I'll try to see if I can figure out which exact test is triggering this while I read through the code some more.

by ambroff, 3 months ago

Attachment: net_socket-trace.log added

syslog with tracing enabled in src/add-ons/kernel/network/stack/net_socket.cpp

comment:6 by ambroff, 3 months ago

Owner: changed from axeld to ambroff
Status: newin-progress

comment:7 by ambroff, 3 months ago

I've made a little progress on this today.

I don't yet have a minimal repro in the form of a regression test, but this triggers the problem often enough for me (from the test/recipes directory of the openssl build directory).

HARNESS_VERBOSE=1 TOP=$(pwd)/../.. perl -I$(pwd)/../../util/perl 70-test_key_share.t

The scenario that causes the panic is that the remote endpoint is sending an RST/ACK, acknowledging a segment and signaling that the connection should be closed.

  source port: 42302
  dest port: 43335
  sequence: 4264473
  ack: 4263475
  flags: RST ACK 
  window: 65535
  urgent offset: 0
buffer 0xffffffff92057728, size 0, flags 0, stored header 0, interface address 0xffffffff821373e8
  source: 127.0.0.1:42302
  destination: 127.0.0.1:43335

This is handled by tcp_receive_data(net_buffer*), which looks up the TCPEndpoint for this TCP session and calls TCPEndpoint::SegmentReceive(), and then calls release_socket() on the socket to drop its reference count.

TCPEndpoint* endpoint = endpointManager->FindConnection(
	buffer->destination, buffer->source);
if (endpoint != NULL) {
	segmentAction = endpoint->SegmentReceived(segment, buffer);
	gSocketModule->release_socket(endpoint->socket);
} ...

The problem is that TCPEndpoint::SegmentReceived() also degrements the reference count by calling release_socket(), and it calls TCPEndpoint::_HandleReset which calls TCPEndpoint::_Close.

if ((fFlags & (FLAG_CLOSED | FLAG_DELETE_ON_CLOSE))
		== (FLAG_CLOSED | FLAG_DELETE_ON_CLOSE)) {
	locker.Unlock();
	gSocketModule->release_socket(socket);
}

So TCPEndpoint::SegmentReceive() frees the socket and then the caller tries to access it.
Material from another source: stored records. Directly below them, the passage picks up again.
Lemma le_l2norm f g : (forall x, cabs (f x) <= cabs (g x)) -> l2 g ->
  l2norm f <= l2norm g.
Proof.
move=> fg lg; rewrite -(@ler_pXn2r _ 2) ?nnegrE ?l2norm_ge0// -lee_fin.
by rewrite -!sqnormE//; [apply: le_sqnorm|apply: l2_le lg].
Qed.

Lemma cabs_le_l2norm f x : l2 f -> cabs (f x) <= l2norm f.
Proof.
move=> lf; rewrite -(@ler_pXn2r _ 2) ?nnegrE ?cabs_ge0 ?l2norm_ge0//.
rewrite -lee_fin -sqnormE//; apply: esum_ge; exists [set x].
  by split => //; exact: finite_set1.
by rewrite fsbig_set1.
Qed.

Lemma l2norm_eq0 f : l2 f -> l2norm f = 0 -> f = (fun=> 0).
Proof.
move=> lf f0; apply/funext => x; apply: cabs_eq0; apply/eqP.
by rewrite eq_le cabs_ge0 andbT -f0 cabs_le_l2norm.
Qed.

Lemma sqnorm0 : sqnorm (fun _ : X => 0 : R[i]) = 0%E.
Proof. by rewrite /sqnorm esum1// => x _; rewrite cabs0 expr0n. Qed.

Lemma l2_0 : l2 (fun _ : X => 0 : R[i]).
Proof. by rewrite /l2 sqnorm0 ltry. Qed.

Lemma l2norm0 : l2norm (fun _ : X => 0 : R[i]) = 0.
Proof. by rewrite /l2norm sqnorm0 sqrtr0. Qed.

Lemma sqnormZ (a : R[i]) f :
  sqnorm (fun x => a * f x) = ((cabs a ^+ 2)%:E * sqnorm f)%E.
Proof.
rewrite /sqnorm -esumZl ?sqr_ge0// => [|x]; last by rewrite lee_fin sqr_ge0.
by apply: eq_esum => x _; rewrite cabsM exprMn EFinM.
Qed.

Lemma l2Z (a : R[i]) f : l2 f -> l2 (fun x => a * f x).
Proof. by move=> lf; rewrite /l2 sqnormZ sqnormE// -EFinM ltry. Qed.

Lemma l2normZ (a : R[i]) f : l2 f ->
  l2norm (fun x => a * f x) = cabs a * l2norm f.
Proof.
move=> lf; rewrite [LHS]/l2norm sqnormZ sqnormE// -EFinM /=.
by rewrite sqrtrM ?sqr_ge0// !sqrtr_sqr !ger0_norm ?cabs_ge0 ?l2norm_ge0.
Qed.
I'm going to try to turn this into a regression test and then clean this up.

Last edited 3 months ago by ambroff (previous) (diff)

comment:8 by ambroff, 3 months ago

I guess it's also a good idea to verify that the RST/ACK is getting sent by the other side appropriately.

comment:9 by ambroff, 3 months ago

OK I've got a pretty good understanding of this now.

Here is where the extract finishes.